Jan. 2nd, 2012 12:02 am
prismaticbleed: (aflame)


NOTES FOR THE 1ST.


- I talked to Laurie for a little bit first, we recapped the night before briefly and decided that yeah it's time for shenanigans. it was snowing outside, and i remember looking up at the ceiling, remember i raised the roof, it was really freaking pretty. there are big paper lanterns floating up there and i added a few crystals for sentimental reasons.
- I remember trying to get at least a little close to Laurie at the time, and i noticed the scar on her neck and that just tore me apart. she took off her arm bandages around then which really hurt to see, the cuts looked brand new but she closed them up immediately.
- we got Chaos in there as soon as we could and then the no shirt rule was in effect, and i got laurie to take off hers which is new. she kept using closed body language, like sitting with her knees pulled up to her chest and her arms around her legs. very closed off! but she was watching us with these really compassionate eyes and i could tell she wasn't closed off all the way.
- Chaos was trying to help me with the fragility, but I was too broken yet and couldn't handle it much. it took a very long time to even get situated, i was so nervous. then we decided to go back to the march 2nd/ commission thing and that helped a little, it made us remember what was behind that, but chaos eventually told me to activate my power jewels so I did and he honestly kissed my star jewel and that just was INSANE. what it did was channel that love through me on an almost mental level, but i understood it physically too, and it really helped me stabilize enough. so that went on for a while, with him and i just trying to work around the fragility thing, but he wouldn't stop until he hit a pressure point and it wasnt happening because i was too nervous. so i let go and let myself kind of fall into that, and then he got too close to my heart and it was overwhelming so i ended up going blue fairy and that was it.
- i got such an astoundingly powerful drive to be with him, and it was surprising, but it was driving us to the edge and we were pushing limits everywhere. he asked me to kiss him and i did and we just kept going! but it was amazing because no matter what we did, it was still for the brightest motives and all we wanted was to be as close as possible. there was no fear or doubt at all, it was amazing. we realized that we were feeling way too much so why not take it all the way, so after briefly asking laurie if she was okay with that (because she was still there of course) we decided to actually connect again. and we absolutely lost ourselves.

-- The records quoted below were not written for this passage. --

(* Let $N$ be an even positive integer and set Planck's constant $h=2\pi\hbar=1/N$. Let $F=(E_x+X^{-1/2}O_x)(B+Y^{-1}T)S$ be the operator described in the context. Then for every $m\in\mathbb{Z}$, $XF\Phi_m=F\Phi_m$ and $YF\Phi_m=F\Phi_m$; that is, $F$ maps the space $\mathcal{H}_\hbar(0)$ of (generalized) joint eigenvectors of $X$ and $Y$ with eigenvalue $1$ into itself.
   Context: $\widehat x$ is multiplication by $x$, $\widehat p=(\hbar/i)d/dx$. For real $s$, $X^{s}=e^{is\widehat{x}/\hbar}$, $Y^{s}=e^{is\widehat{p}/\hbar}$ (for $h=1/N$, $X=U^N$, $Y=V^N$ with $U=e^{2\pi i\widehat x}$, $V=e^{2\pi i\widehat p}$). $S=\exp\!\big(-\tfrac{i\log 2}{2\hbar}(\widehat{x}\widehat{p}+\widehat{p}\widehat{x})\big)$. $E_x$, $O_x$ are multiplication by the indicators of $[0,1)+2\mathbb{Z}$, $[1,2)+2\mathbb{Z}$; $B$, $T$ are the spectral projections of $\widehat p$ onto $[0,1/2)+\mathbb{Z}$, $[1/2,1)+\mathbb{Z}$. $\Phi_m=\Phi_m^{(0,0)}=N^{-1/2}\sum_{k\in\mathbb{Z}}\delta\big(x-\tfrac{m}{N}-k\big)$ (periodic $\delta$-comb). *)

From Stdlib Require Import Reals List ZArith.
From Stdlib Require Import Classical ClassicalEpsilon.
From Coquelicot Require Import Complex.
Open Scope R_scope.

(* All generalized vectors occurring here are discrete
   (Dirac-type) measures sum_a w(a) delta(x - a) on R; such a measure is
   represented by its weight function w : R -> C (w(a) = mass at a). *)
Definition gvec := R -> C.

Definition Cexpi (t : R) : C := (cos t, sin t).

Definition hbar (N : nat) : R := / (2 * PI * INR N).

Definition Xpow (N : nat) (s : R) (u : gvec) : gvec :=
  fun x => Cmult (Cexpi (s * x / hbar N)) (u x).

(* Y^s = exp(i s p / hbar) = exp(s d/dx): translation, (Y^s f)(x) = f(x+s);
   on weights of a discrete measure this is again w'(x) = w(x+s). *)
Definition Ypow (s : R) (u : gvec) : gvec := fun x => u (x + s).

(* S = exp(-(i log 2 / (2 hbar)) (x p + p x)) acts on functions by
   (S f)(x) = 2^{-1/2} f(x/2).  On a discrete measure (delta(x/2 - a) =
   2 delta(x - 2a)) the weight transforms as w'(y) = 2^{1/2} w(y/2). *)
Definition Sop (u : gvec) : gvec := fun y => Cmult (RtoC (sqrt 2)) (u (y / 2)).

Definition mult_ind (A : R -> Prop) (u : gvec) : gvec :=
  fun x => if excluded_middle_informative (A x) then u x else RtoC 0.

Definition Eset (x : R) : Prop := exists k : Z, 2 * IZR k <= x < 2 * IZR k + 1.
Definition Oset (x : R) : Prop := exists k : Z, 2 * IZR k + 1 <= x < 2 * IZR k + 2.
Definition Ex (u : gvec) : gvec := mult_ind Eset u.
Definition Ox (u : gvec) : gvec := mult_ind Oset u.

Definition gadd (u v : gvec) : gvec := fun x => Cplus (u x) (v x).

(* Spectral projections of p onto Sigma + Z, Sigma a subset of [0,1).
   Since Sigma + Z is 1-periodic, 1_{Sigma+Z}(p) is a function of
   V = e^{2 pi i p} = Y^{1/N} (translation by h = 1/N):
   on a generalized eigenvector u of V with eigenvalue e^{2 pi i theta},
   theta in [0,1) (i.e. spectrally p in theta + Z), the projection is u if
   theta in Sigma and 0 otherwise.  It is defined (by linearity) on finite
   sums of such eigenvectors. *)
Definition V_eigen (N : nat) (theta : R) (u : gvec) : Prop :=
  forall x, Ypow (/ INR N) u x = Cmult (Cexpi (2 * PI * theta)) (u x).

Definition sum_list (l : list (R * gvec)) (x : R) : C :=
  fold_right (fun p acc => Cplus (snd p x) acc) (RtoC 0) l.

Definition is_V_decomp (N : nat) (u : gvec) (l : list (R * gvec)) : Prop :=
  NoDup (map fst l) /\
  Forall (fun p => 0 <= fst p < 1 /\ V_eigen N (fst p) (snd p)) l /\
  (forall x, u x = sum_list l x).

Definition filter_sum (Sigma : R -> Prop) (l : list (R * gvec)) (x : R) : C :=
  fold_right (fun p acc =>
    Cplus (if excluded_middle_informative (Sigma (fst p)) then snd p x else RtoC 0) acc)
    (RtoC 0) l.

(* spectral projection (zero outside its natural domain) *)
Definition spec_proj (N : nat) (Sigma : R -> Prop) (u : gvec) : gvec :=
  match excluded_middle_informative (exists l, is_V_decomp N u l) with
  | left H => filter_sum Sigma (proj1_sig (constructive_indefinite_description _ H))
  | right _ => fun _ => RtoC 0
  end.

Definition Bop (N : nat) : gvec -> gvec := spec_proj N (fun t => 0 <= t < 1/2).
Definition Top (N : nat) : gvec -> gvec := spec_proj N (fun t => 1/2 <= t < 1).

Definition Fop (N : nat) (u : gvec) : gvec :=
  let v := Sop u in
  let w := gadd (Bop N v) (Ypow (-1) (Top N v)) in
  gadd (Ex w) (Xpow N (-1/2) (Ox w)).

Definition Phi (N : nat) (m : Z) : gvec :=
  fun x => if excluded_middle_informative (exists k : Z, x = IZR m / INR N + IZR k)
           then RtoC (/ sqrt (INR N)) else RtoC 0.

From Stdlib Require Import Reals ZArith List Lra Lia FunctionalExtensionality ClassicalEpsilon.
From Coquelicot Require Import Complex.
Open Scope R_scope.

(* Let v = S Phi_m; it lives on 2m/N + 2Z, so Y^2 v = v and X^{1/2} v = v.  B and T are
   functions of V = Y^{1/N}, well defined because V-eigenvectors with distinct eigenvalues
   are independent.  Hence they commute with Y^2, while X^{1/2}, which shifts the spectrum
   of V by e^{i pi}, exchanges them: b = Bv and t = Tv satisfy X^{1/2} t = b, X^{1/2} b = t
   and Y^2 t = t.  Then w = b + Y^{-1} t satisfies X w = w and X^{1/2} Y w = w, and for N
   even these two relations make (E_x + X^{-1/2} O_x) w invariant under X and Y. *)

Lemma Cexpi_add a b : Cexpi (a + b) = (Cexpi a * Cexpi b)%C.
Proof. unfold Cexpi, Cmult; simpl. rewrite cos_plus, sin_plus. f_equal; ring. Qed.

Lemma Cexpi_0 : Cexpi 0 = 1%C.
Proof. unfold Cexpi; rewrite cos_0, sin_0; reflexivity. Qed.

Lemma Cexpi_PI : Cexpi PI = (- 1)%C.
Proof. unfold Cexpi; rewrite cos_PI, sin_PI. unfold Copp, RtoC; simpl; f_equal; ring. Qed.

Lemma Cexpi_2PI_IZR (k : Z) : Cexpi (2 * PI * IZR k) = 1%C.
Proof.
  assert (Hnat : forall n : nat, Cexpi (2 * PI * INR n) = 1%C).
  { intro n. unfold Cexpi. replace (2 * PI * INR n) with (0 + 2 * INR n * PI) by ring.
    rewrite cos_period, sin_period, cos_0, sin_0; reflexivity. }
  destruct (Z_le_gt_dec 0 k) as [Hk | Hk].
  - rewrite <- (Z2Nat.id k Hk), <- INR_IZR_INZ. apply Hnat.
  - replace k with (- Z.of_nat (Z.to_nat (- k)))%Z by lia.
    rewrite opp_IZR, <- INR_IZR_INZ.
    pose proof (Hnat (Z.to_nat (- k))) as E. unfold Cexpi in *. injection E as Ec Es.
    rewrite Ropp_mult_distr_r_reverse, cos_neg, sin_neg, Ec, Es.
    unfold RtoC; f_equal; ring.
Qed.

Lemma Cexpi_add_2PI_IZR a (k : Z) : Cexpi (a + 2 * PI * IZR k) = Cexpi a.
Proof. rewrite Cexpi_add, Cexpi_2PI_IZR. ring. Qed.

Lemma Xpow_eq N s u x : Xpow N s u x = (Cexpi (2 * PI * INR N * s * x) * u x)%C.
Proof. unfold Xpow, hbar. f_equal. f_equal. unfold Rdiv. rewrite Rinv_inv. ring. Qed.

Lemma Xpow_0 N u : Xpow N 0 u = u.
Proof.
  extensionality x. rewrite Xpow_eq, Rmult_0_r, Rmult_0_l, Cexpi_0. ring.
Qed.

Lemma Xpow_Xpow N s s' u : Xpow N s (Xpow N s' u) = Xpow N (s + s') u.
Proof.
  extensionality x. rewrite !Xpow_eq.
  replace (2 * PI * INR N * (s + s') * x) with (2 * PI * INR N * s * x + 2 * PI * INR N * s' * x)
    by ring.
  rewrite Cexpi_add. ring.
Qed.

Lemma Ypow_0 u : Ypow 0 u = u.
Proof. extensionality x. unfold Ypow. now rewrite Rplus_0_r. Qed.

Lemma Ypow_Ypow a a' u : Ypow a (Ypow a' u) = Ypow (a + a') u.
Proof. extensionality x. unfold Ypow. f_equal. ring. Qed.

Lemma Xpow_gadd N s u v : Xpow N s (gadd u v) = gadd (Xpow N s u) (Xpow N s v).
Proof. extensionality x. unfold gadd. rewrite !Xpow_eq. ring. Qed.

Lemma Ypow_gadd a u v : Ypow a (gadd u v) = gadd (Ypow a u) (Ypow a v).
Proof. reflexivity. Qed.

Lemma gaddC u v : gadd u v = gadd v u.
Proof. extensionality x. unfold gadd. ring. Qed.

Lemma Xpow_mult_ind N s A u : Xpow N s (mult_ind A u) = mult_ind A (Xpow N s u).
Proof.
  extensionality x. unfold mult_ind. rewrite !Xpow_eq.
  destruct (excluded_middle_informative (A x)); [reflexivity | ring].
Qed.

Lemma Ypow_mult_ind a A B u : (forall x, A x <-> B (x + a)) ->
  Ypow a (mult_ind B u) = mult_ind A (Ypow a u).
Proof.
  intro HAB. extensionality x. unfold Ypow, mult_ind.
  destruct (excluded_middle_informative (B (x + a)));
    destruct (excluded_middle_informative (A x)); firstorder.
Qed.

(* Weyl relation Y^a X^s = e^{2 pi i N s a} X^s Y^a, in the case where the phase is trivial. *)
Lemma Ypow_Xpow N s a u : (exists k : Z, INR N * s * a = IZR k) ->
  Ypow a (Xpow N s u) = Xpow N s (Ypow a u).
Proof.
  intros [k Hk]. extensionality x. unfold Ypow. rewrite !Xpow_eq.
  replace (2 * PI * INR N * s * (x + a)) with (2 * PI * INR N * s * x + 2 * PI * IZR k)
    by (rewrite <- Hk; ring).
  now rewrite Cexpi_add_2PI_IZR.
Qed.

Lemma Oset_iff_Eset_succ x : Oset x <-> Eset (x + 1).
Proof.
  split; intros [k Hk].
  - exists (k + 1)%Z. rewrite plus_IZR. lra.
  - exists (k - 1)%Z. rewrite minus_IZR. lra.
Qed.

Lemma Eset_iff_Oset_succ x : Eset x <-> Oset (x + 1).
Proof. split; intros [k Hk]; exists k; lra. Qed.

Definition EOop (N : nat) (w : gvec) : gvec := gadd (Ex w) (Xpow N (-1/2) (Ox w)).

Lemma Xpow_EOop N s w : Xpow N s (EOop N w) = EOop N (Xpow N s w).
Proof.
  unfold EOop, Ex, Ox. rewrite Xpow_gadd, Xpow_Xpow, <- !Xpow_mult_ind, Xpow_Xpow.
  now rewrite Rplus_comm.
Qed.

Lemma Ypow_EOop N w : Nat.Even N ->
  Ypow 1 (EOop N w) = gadd (Ox (Ypow 1 w)) (Xpow N (-1/2) (Ex (Ypow 1 w))).
Proof.
  intros [n Hn]. unfold EOop, Ex, Ox.
  rewrite Ypow_gadd, Ypow_Xpow.
  - rewrite (Ypow_mult_ind 1 Oset Eset), (Ypow_mult_ind 1 Eset Oset); [reflexivity | |].
    + exact Eset_iff_Oset_succ.
    + exact Oset_iff_Eset_succ.
  - exists (- Z.of_nat n)%Z. rewrite opp_IZR, <- INR_IZR_INZ, Hn, mult_INR. simpl. lra.
Qed.

(* Y exchanges E_x and O_x, and Y w = X^{-1/2} w moves the factor X^{-1/2} back onto O_x. *)
Lemma EOop_invariant N w : Nat.Even N ->
  Xpow N 1 w = w -> Xpow N (1/2) (Ypow 1 w) = w ->
  Xpow N 1 (EOop N w) = EOop N w /\ Ypow 1 (EOop N w) = EOop N w.
Proof.
  intros Heven HX HXY. split.
  - now rewrite Xpow_EOop, HX.
  - assert (HY : Ypow 1 w = Xpow N (-1/2) w).
    { rewrite <- HXY at 2. rewrite Xpow_Xpow. replace (-1/2 + 1/2) with 0 by lra.
      now rewrite Xpow_0. }
    assert (HXinv : Xpow N (-1) w = w).
    { rewrite <- HX at 1. rewrite Xpow_Xpow. replace (-1 + 1) with 0 by lra.
      now rewrite Xpow_0. }
    rewrite Ypow_EOop by exact Heven. rewrite HY. unfold EOop, Ex, Ox.
    rewrite <- !Xpow_mult_ind, Xpow_Xpow. replace (-1/2 + -1/2) with (-1) by lra.
    rewrite (Xpow_mult_ind N (-1)), HXinv. apply gaddC.
Qed.

Definition eigval (t : R) : C := Cexpi (2 * PI * t).

Lemma eigval_inj a b : 0 <= a < 1 -> 0 <= b < 1 -> eigval a = eigval b -> a = b.
Proof.
  intros Ha Hb E. unfold eigval, Cexpi in E. injection E as Ec Es.
  assert (Hsin : sin (2 * PI * a - 2 * PI * b) = 0) by (rewrite sin_minus, Ec, Es; ring).
  assert (Hcos : cos (2 * PI * a - 2 * PI * b) = 1).
  { rewrite cos_minus, Ec, Es. pose proof (sin2_cos2 (2 * PI * b)) as H1.
    unfold Rsqr in H1. lra. }
  destruct (sin_eq_0_0 _ Hsin) as [k Hk]. rewrite Hk in Hcos.
  pose proof PI_RGT_0.
  assert (Hk_lt : IZR k < 2) by nra.
  assert (Hk_gt : -2 < IZR k) by nra.
  apply lt_IZR in Hk_lt. apply lt_IZR in Hk_gt.
  assert (k = 0 \/ k = 1 \/ k = -1)%Z as [-> | [-> | ->]] by lia.
  - nra.
  - rewrite Rmult_1_l, cos_PI in Hcos. lra.
  - replace (IZR (-1) * PI) with (- PI) in Hcos by (simpl; ring).
    rewrite cos_neg, cos_PI in Hcos. lra.
Qed.


Definition V_eigenlist (N : nat) (l : list (R * gvec)) : Prop :=
  Forall (fun p : R * gvec => 0 <= fst p < 1 /\ V_eigen N (fst p) (snd p)) l.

- i remember we hit soul forms before the surge and laurie was visibly amazed, she later said it honestly looked like we were 'one' when we did merge and it did feel like it! it was that sort of sparkling rush and it's the sort of non-self feeling you're supposed to get, well there you go. laurie was in tears after all this, we kind of apologized because we really took it far, but she said it was fine, just a lot to take in was all.
- our heart energy just keeps fusing and you have no idea how that feels, whenever chaos and i are close like that now, it's like a minor connection there, just tying us together and it feels safe almost? it feels right and incredibly sincere, we just wanted to stay like that forever, but we couldn't go on another connection spree that would be insane. we would have though!
- then we got genesis in there and that was awesome, no shirt rule, he actually took off his shoes and wow he looks really pretty like that, i never realized. he actually got nervous almost immediately and kept saying 'it's been a while since i've done anything like this,' so cz and i both offered to 'help' concerning that and the deep mood we were supposedly needing. chaos kissed him but genesis said it felt weird to take it farther than that so then he went over to me. i clearly remember saying that i couldn't believe i almost forgot how beautiful he was.
- also it hit me just how muscular laurie was now that i could see that and i suddenly wanted to memorize her too, so badly, but that's jumping way too far ahead. then i looked at genesis and man i don't have him memorized either, so i told him that we could work on that in the future if he wanted to.
- apparently i was taking it too fast for genesis too, i went 'fire mode' and he accused me of being too straightforward now so i had to slow down. we weren't even thinking of connecting, we were just being close, but it has been a long time. he actually sang the ferry corsten lyrics at one point and it was adorable and touching at the same time. but mostly it made me remember exactly what we had and i had been taking for granted.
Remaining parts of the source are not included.